Studies have revealed that metformin’s antidiabetic role, by suppressing hepatic glucose production (45). Metformin is widely prescribed for type 2 diabetes as it effectively controls blood sugar levels and provides cardioprotective protection (45). Moreover studies suggest that metformin can help manage metabolism and potentially treat conditions like RA by regulating metabolism (46). Enhancing the effects of metformin using NPs for drug delivery shows promise by optimizing controlled release improving drug targeting and reducing effects (47).
These carriers enhance drug penetration into tissues, specificity and drug availability making them ideal for targeted delivery (48). Nanocarriers also allow drug release, boosting treatment effectiveness (49). iosomes, a type of ionic surfactant vesicles, have garnered attention in the pharmaceutical industry due to their ability to encapsulate both hydrophilic and hydrophobic agents (50). These synthetic vesicles, formed by self-assembly of nonionic surfactants, cholesterol, and some other lipids, offer benefits like breakdown in the body and compatibility with living tissue (51). Researchers have utilized these nanoparticles in various applications, including transdermal drug delivery (52), gene delivery (53), and targeted drug delivery to immune-privileged tissues (54). Scientists have investigated methods to enhance nano carriers, for drug delivery purposes. For example, the development of folic acid-modified nano-drug carriers has shown promise in the targeted delivery of specific drugs (55). Various characteristics affects the properties of the NPs. The size of nanoparticles plays a crucial role in their uptake and retention by cells and tissues (56). For intravenously administered nanoparticles, diameter is a key factor affecting pharmacokinetics and bio-distribution pores in blood vessels (57). The size of nanoparticles influences their ability to overcome transport barriers in biological tissues, affecting their tissue penetration efficacy (58). Additionally, nanoparticle size impacts their biological activity, with factors like concentration and size playing primary roles (59). The DLS analysis showed that the blank niosome NPs had an average diameter of 151 ± 6.2 nm (Table 3). However, encapsulation of metformin inside these NPs causes an increase in their average diameter to 168 ± 10.2 nm. The highest diameter among those fabricated belongs to Hyalo-Nio-met NPs (Fig. 2) with 179 ± 8.5 nm, due to coating with hyaluronic acid and encapsulation of metformin inside these NPs.
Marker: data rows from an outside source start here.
(* Let $\Lambda\subset\mathbb{R}^6$ be a lattice and $Q\in\mathrm{SO}(6)$ with $Q\Lambda=\Lambda$ and $Q^N=\mathbb{1}$, and let $\mathcal{P}=\mathbb{Z}_N=\langle\theta\rangle$ act on $\mathbb{R}^6$ by $\theta\mapsto Q$. Assume that for every $k\in\mathbb{Z}$ the fixed subspace $\mathrm{Fix}(Q^k)=\{x\in\mathbb{R}^6: Q^kx=x\}$ has dimension $0$, $2$ or $6$. Let $\mathcal{O}\subseteq\mathcal{P}^2$ be the $\mathcal{N}=2$ sector. Then $\mathcal{O}$ is closed under the action $\ast$ of $\mathrm{SL}(2,\mathbb{Z})$, and in particular under every subgroup of $\mathrm{SL}(2,\mathbb{Z})$. Moreover, all elements of a minimally closed subset of $\mathcal{O}$ fix the same plane, i.e. there is a single two-dimensional subspace $E$ such that every nontrivial component $g$ or $h$ of every element $(g,h)$ of that subset satisfies $\mathrm{Fix}(g)=E$.
   Context: The action of $V=\begin{pmatrix} a&b\\c&d\end{pmatrix}\in\mathrm{SL}(2,\mathbb{Z})$ on $\mathcal{P}^2$ is $(g,h)\ast V=(g^ah^{-c},g^{-b}h^d)$. The $\mathcal{N}=2$ sector is the set of pairs $(g,h)\in\mathcal{P}^2$ with $(g,h)\neq(1,1)$ for which there is a two-dimensional subspace $E\subset\mathbb{R}^6$ (a fixed plane) such that each of $g,h$ is either the identity or has fixed subspace exactly $E$ (''$g$ and $h$ fix the same plane''). A subset is closed under a group $G$ if it is mapped into itself by every $V\in G$; a closed set is minimally closed if it is nonempty and contains no nonempty proper closed subset. *)

From HB Require Import structures.
From mathcomp Require Import all_boot all_order all_algebra.
From mathcomp Require Import reals.
Set Implicit Arguments. Unset Strict Implicit. Unset Printing Implicit Defensive.
Import Order.TTheory GRing.Theory Num.Theory.
Local Open Scope ring_scope.

Section Defs.
Variable R : realType.

(* Vectors of R^6 are column vectors 'cV[R]_6; a matrix g acts by x |-> g *m x. *)

(* Fix(g) as a subspace (row space, mxalgebra convention): its rows u are
   exactly the u with u *m (g^T - 1) = 0, i.e. g *m u^T = u^T. *)
Definition Fix (g : 'M[R]_6) : 'M[R]_6 := kermx (g^T - 1%:M).

Definition is_lattice (L : 'cV[R]_6 -> Prop) : Prop :=
  exists B : 'M[R]_6, B \in unitmx /\
    forall x, L x <-> exists z : 'cV[int]_6, x = B *m map_mx (fun n : int => n%:~R) z.

Definition preserves (Q : 'M[R]_6) (L : 'cV[R]_6 -> Prop) : Prop :=
  forall y, L y <-> exists x, L x /\ y = Q *m x.

Definition in_SO6 (Q : 'M[R]_6) : Prop := Q *m Q^T = 1%:M /\ \det Q = 1.

(* The point group P = <Q> realized as the (faithful) cyclic matrix group. *)
Definition inP (Q g : 'M[R]_6) : Prop := exists k : nat, g = Q ^+ k.

Definition id_or_fixes (g E : 'M[R]_6) : Prop := g = 1 \/ (Fix g == E)%MS.

Definition N2sector (Q : 'M[R]_6) (gh : 'M[R]_6 * 'M[R]_6) : Prop :=
  [/\ inP Q gh.1, inP Q gh.2, gh <> (1, 1) &
      exists E : 'M[R]_6, \rank E = 2%N /\ id_or_fixes gh.1 E /\ id_or_fixes gh.2 E].

Definition sl2act (gh : 'M[R]_6 * 'M[R]_6) (V : 'M[int]_2) : 'M[R]_6 * 'M[R]_6 :=
  (gh.1 ^ (V 0 0) * gh.2 ^ (- V 1 0), gh.1 ^ (- V 0 1) * gh.2 ^ (V 1 1)).

Definition closed_under (G : 'M[int]_2 -> Prop)
  (S : 'M[R]_6 * 'M[R]_6 -> Prop) : Prop :=
  forall V x, G V -> S x -> S (sl2act x V).

Definition minimally_closed (G : 'M[int]_2 -> Prop)
  (S : 'M[R]_6 * 'M[R]_6 -> Prop) : Prop :=
  [/\ exists x, S x, closed_under G S &
      forall T : 'M[R]_6 * 'M[R]_6 -> Prop,
        (forall x, T x -> S x) -> (exists x, T x) -> closed_under G T ->
        forall x, S x -> T x].

End Defs.

Definition SL2Z (V : 'M[int]_2) : Prop := \det V = 1.

(* subgroup of SL(2,Z); inverse of a det-1 matrix is its adjugate *)
Definition subgroup_SL2Z (G : 'M[int]_2 -> Prop) : Prop :=
  [/\ forall V, G V -> SL2Z V, G 1%:M,
      forall U V, G U -> G V -> G (U *m V) &
      forall V, G V -> G (\adj V)].

From HB Require Import structures.
From mathcomp Require Import all_boot all_order all_algebra.
From mathcomp Require Import reals.
From mathcomp Require Import ring.
Import Order.TTheory GRing.Theory Num.Theory.
Local Open Scope ring_scope.

(* Both claims rest on one observation: the components of (g, h) * V are
   products of integer powers of g and h. If g and h fix the rows of a plane E
   pointwise, so does every such product, and the hypothesis on the dimensions
   of the fixed spaces of the powers of Q forces such a product to be either
   the identity or to have fixed space exactly E. Hence the N = 2 sector is
   closed, and inside a minimally closed S the elements fixing the plane of one
   given element already form a nonempty closed subset, which must be all of S. *)

Lemma det_mx2 (R : comNzRingType) (A : 'M[R]_2) :
  \det A = A 0 0 * A 1 1 - A 0 1 * A 1 0.
Proof.
rewrite (expand_det_row _ 0) !big_ord_recl big_ord0 /cofactor !det_mx11 /=.
rewrite !mxE /= addr0 expr0 mul1r expr1 mulN1r mulrN.
by congr (_ * _ - _ * _); congr (A _ _); apply/val_inj.
Qed.

Lemma minimally_closed_invariant (R : realType) (G : 'M[int]_2 -> Prop)
    (S P : 'M[R]_6 * 'M[R]_6 -> Prop) :
  minimally_closed G S -> (exists2 x, S x & P x) ->
  (forall V x, G V -> S x -> P x -> P (sl2act x V)) ->
  forall x, S x -> P x.
Proof.
move=> [_ clS minS] [x0 Sx0 Px0] clP x Sx.
pose T x := S x /\ P x.
have clT : closed_under G T by move=> V y GV [Sy Py]; split; [apply: clS | apply: clP].
by have [] := minS T (fun y Ty => Ty.1) (ex_intro _ x0 (conj Sx0 Px0)) clT x Sx.
Qed.

Section FixedSpaces.
Variable R : realType.
Implicit Types (g h E : 'M[R]_6).

Lemma sub_FixP E g : reflect (E *m g^T = E) (E <= Fix g)%MS.
Proof.
apply: (iffP sub_kermxP); rewrite mulmxBr mulmx1.
  by move/eqP; rewrite subr_eq0 => /eqP.
by move=> ->; rewrite subrr.
Qed.

Lemma sub_FixM E g h : (E <= Fix g)%MS -> (E <= Fix h)%MS -> (E <= Fix (g * h))%MS.
Proof.
move=> /sub_FixP Eg /sub_FixP Eh; apply/sub_FixP.
by rewrite -mulmxE trmx_mul mulmxA Eh Eg.
Qed.

Lemma sub_FixV E g : g \is a GRing.unit -> (E <= Fix g)%MS -> (E <= Fix g^-1)%MS.
Proof.
move=> gu /sub_FixP Eg; apply/sub_FixP.
by rewrite -{1}Eg -mulmxA -trmx_mul mulmxE mulVr // trmx1 mulr1.
Qed.

Lemma sub_FixXz E g (k : int) :
  g \is a GRing.unit -> (E <= Fix g)%MS -> (E <= Fix (g ^ k))%MS.
Proof.
move=> gu Eg.
have EgX n : (E <= Fix (g ^+ n))%MS.
  elim: n => [|n IH]; last by rewrite exprS; apply: sub_FixM.
  by apply/sub_FixP; rewrite expr0 trmx1 mulmx1.
by case: k => n; [apply: EgX | apply: sub_FixV; [rewrite unitrX | apply: EgX]].
Qed.

Lemma Fix_full g : \rank (Fix g) = 6%N -> g = 1.
Proof.
move=> full; have : (1%:M <= Fix g)%MS by rewrite sub1mx /row_full full.
by move/sub_FixP; rewrite mul1mx => gT1; rewrite -[g]trmxK gT1 trmx1.
Qed.

Lemma id_or_fixes_sub_Fix E g : id_or_fixes g E -> (E <= Fix g)%MS.
Proof.
by case=> [->|/andP[]//]; apply/sub_FixP; rewrite trmx1 mulmx1.
Qed.

(* Fix g cannot have rank 0 once it contains the plane E, and rank 6 means g = 1. *)
Lemma sub_Fix_id_or_fixes E g :
  \rank E = 2%N -> \rank (Fix g) \in [:: 0%N; 2%N; 6%N] ->
  (E <= Fix g)%MS -> id_or_fixes g E.
Proof.
move=> rE rFix EFix; have := mxrankS EFix; rewrite rE.
move: rFix; rewrite !inE => /or3P[/eqP-> // | /eqP rF2 _ | /eqP/Fix_full-> _].
- right; apply/eqmxP/eqmx_sym/eqmxP.
  by rewrite -(mxrank_leqif_eq EFix) rE rF2.
- by left.
Qed.

End FixedSpaces.

Section PointGroupSector.
Context {R : realType} {Q : 'M[R]_6} {N : nat}.
Hypothesis Q_unit : Q \is a GRing.unit.
Hypothesis N_gt0 : (0 < N)%N.
Hypothesis QN : Q ^+ N = 1.
Hypothesis rank_FixQ : forall k : int, \rank (Fix (Q ^ k)) \in [:: 0%N; 2%N; 6%N].

Lemma inP_exprz (k : int) : inP Q (Q ^ k).
Proof.
rewrite (divz_eq k N) exprzDr // mulrC -exprz_exp.
have -> : Q ^ (N%:Z) = 1 by rewrite -QN.
rewrite exp1rz mul1r.
have : 0 <= (k %% N)%Z by apply: modz_ge0; rewrite eqz_nat -lt0n.
by case: (k %% N)%Z => // n _; exists n.
Qed.

Lemma inP_exprzP g : inP Q g -> exists m : int, g = Q ^ m.
Proof. by case=> n ->; exists n%:Z. Qed.

Lemma inP2_exprzP (x : 'M[R]_6 * 'M[R]_6) :
  inP Q x.1 -> inP Q x.2 -> exists m1 m2 : int, x = (Q ^ m1, Q ^ m2).
Proof. by case: x => g h /inP_exprzP[m1 /= ->] /inP_exprzP[m2 /= ->]; exists m1, m2. Qed.

Lemma sl2act_exprz (m1 m2 : int) (V : 'M[int]_2) :
  sl2act (Q ^ m1, Q ^ m2) V =
  (Q ^ (m1 * V 0 0 - m2 * V 1 0), Q ^ (- (m1 * V 0 1) + m2 * V 1 1)).
Proof. by rewrite /sl2act /= !exprz_exp -!exprzDr // !mulrN. Qed.

Lemma id_or_fixes_exprz E (m1 m2 a b : int) :
  \rank E = 2%N -> id_or_fixes (Q ^ m1) E -> id_or_fixes (Q ^ m2) E ->
  id_or_fixes (Q ^ (m1 * a + m2 * b)) E.
Proof.
move=> rE /id_or_fixes_sub_Fix E1 /id_or_fixes_sub_Fix E2.
apply: sub_Fix_id_or_fixes => //.
rewrite exprzDr // -!exprz_exp.
by apply: sub_FixM; apply: sub_FixXz => //; apply: unitrXz.
Qed.

(* V is invertible, so the exponents of x are integer combinations of those of x * V. *)
Lemma sl2act_eq11 {m1 m2 : int} {V : 'M[int]_2} :
  SL2Z V -> sl2act (Q ^ m1, Q ^ m2) V = (1, 1) -> (Q ^ m1, Q ^ m2) = (1, 1).
Proof.
rewrite /SL2Z det_mx2 sl2act_exprz => detV [Qk1 Qk2].
set k1 := _ - _ in Qk1; set k2 := _ + _ in Qk2.
have -> : m1 = k1 * V 1 1 + k2 * V 1 0 by rewrite /k1 /k2 -[LHS]mulr1 -detV; ring.
have -> : m2 = k1 * V 0 1 + k2 * V 0 0 by rewrite /k1 /k2 -[LHS]mulr1 -detV; ring.
by rewrite !exprzDr // -!exprz_exp Qk1 Qk2 !exp1rz !mulr1.
Qed.

Lemma sl2act_id_or_fixes E x V :
  \rank E = 2%N -> inP Q x.1 -> inP Q x.2 ->
  id_or_fixes x.1 E -> id_or_fixes x.2 E ->
  id_or_fixes (sl2act x V).1 E /\ id_or_fixes (sl2act x V).2 E.
Proof.
move=> rE x1 x2; have [m1 [m2 ->]] := @inP2_exprzP x x1 x2.
rewrite sl2act_exprz /= -!mulrN => E1 E2.
by split; apply: id_or_fixes_exprz.
Qed.

Lemma N2sector_sl2act x V : SL2Z V -> N2sector Q x -> N2sector Q (sl2act x V).
Proof.
move=> detV [x1 x2 x_neq1 [E [rE [E1 E2]]]].
have [E1' E2'] := @sl2act_id_or_fixes E x V rE x1 x2 E1 E2.
have [m1 [m2 def_x]] := @inP2_exprzP x x1 x2; subst x.
split; [| | by move/(sl2act_eq11 detV) | by exists E];
  by rewrite sl2act_exprz /=; apply: inP_exprz.
Qed.

End PointGroupSector.

Theorem theorem2p9 (R : realType) (L : 'cV[R]_6 -> Prop) (Q : 'M[R]_6) (N : nat) :
  is_lattice L -> in_SO6 Q -> preserves Q L -> (0 < N)%N -> Q ^+ N = 1 ->
  (forall k : int, \rank (Fix (Q ^ k)) \in [:: 0%N; 2%N; 6%N]) ->
  closed_under SL2Z (N2sector Q) /\
  (forall G, subgroup_SL2Z G -> closed_under G (N2sector Q)) /\
  (forall G, subgroup_SL2Z G ->
     forall S : 'M[R]_6 * 'M[R]_6 -> Prop,
       (forall x, S x -> N2sector Q x) -> minimally_closed G S ->
       exists E : 'M[R]_6, \rank E = 2%N /\
         forall gh, S gh -> id_or_fixes gh.1 E /\ id_or_fixes gh.2 E).
Proof.
move=> _ [QQT _] _ N_gt0 QN rank_FixQ.
have Q_unit : Q \is a GRing.unit by have [] := mulmx1_unit QQT.
have closedSL2 : closed_under SL2Z (N2sector Q).
  by move=> V x; apply: (N2sector_sl2act Q_unit N_gt0 QN rank_FixQ).
have closedG G : subgroup_SL2Z G -> closed_under G (N2sector Q).
  by case=> G_SL2 _ _ _ V x /G_SL2; apply: closedSL2.
do 2!split=> //.
move=> G _ S S_sector minS.
have [[x0 Sx0] _ _] := minS.
have [_ _ _ [E [rE [E1 E2]]]] := S_sector x0 Sx0.
exists E; split=> //.
pose fixes_E x := id_or_fixes x.1 E /\ id_or_fixes x.2 E.
apply: (@minimally_closed_invariant _ _ S fixes_E minS); first by exists x0.
move=> V x GV Sx [Ex1 Ex2]; have [x1P x2P _ _] := S_sector x Sx.
exact: (sl2act_id_or_fixes Q_unit rank_FixQ).
Qed.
The zeta potential of nanoparticles is a critical parameter for characterizing their surface charge properties. It is determined by the presence of charged ions at the NPs surface and in the surrounding solution (60). Zeta potential plays a key role in expressing the stability of nanoparticles in suspension by influencing the electrostatic repulsion between particles, thus preventing aggregation (61). Zeta potential values between − 30 mV and + 30 mV are generally considered ideal for achieving better physical stability of nanoparticles (62). Table 3 lists the obtained zeta potential values for blank niosomes, Nio-met, and Hyalo-Nio-met nanoparticles.
PDI is recognized as another key factor in assessing the stability and functionality of NPs for drug delivery applications (63). PDI significantly influences various aspects of nanoparticles, including their stability, drug release kinetics, cellular uptake, and biodistribution (64). Maintaining a low PDI (< 0.4) is crucial to achieve a narrow size distribution, which is essential for effective tissue accumulation and renal clearance (65). The reproducibility and quality of nanoparticles are greatly affected by PDI, as it indicates the width of the particle size distribution and the uniformity of the nanoparticles (66). Additionally, measuring PDI is vital for evaluating the colloidal properties of nanoparticles, especially in understanding their ability to penetrate biological barriers (67). Particularly in pharmaceutical applications, the size uniformity of nanoparticles is crucial to ensure consistent performance and efficacy (68). According to the DLS results listed in Table 3, the blank niosome, Nio-met, and Hyalo-Nio-met NPs are all within the acceptable range in terms of size, zeta potential, and PDI values.
Table 3
The evaluated size, zeta potential, and PDI values of blank niosome, Nio-met, and Hyalo-Nio-met NPs using DLS.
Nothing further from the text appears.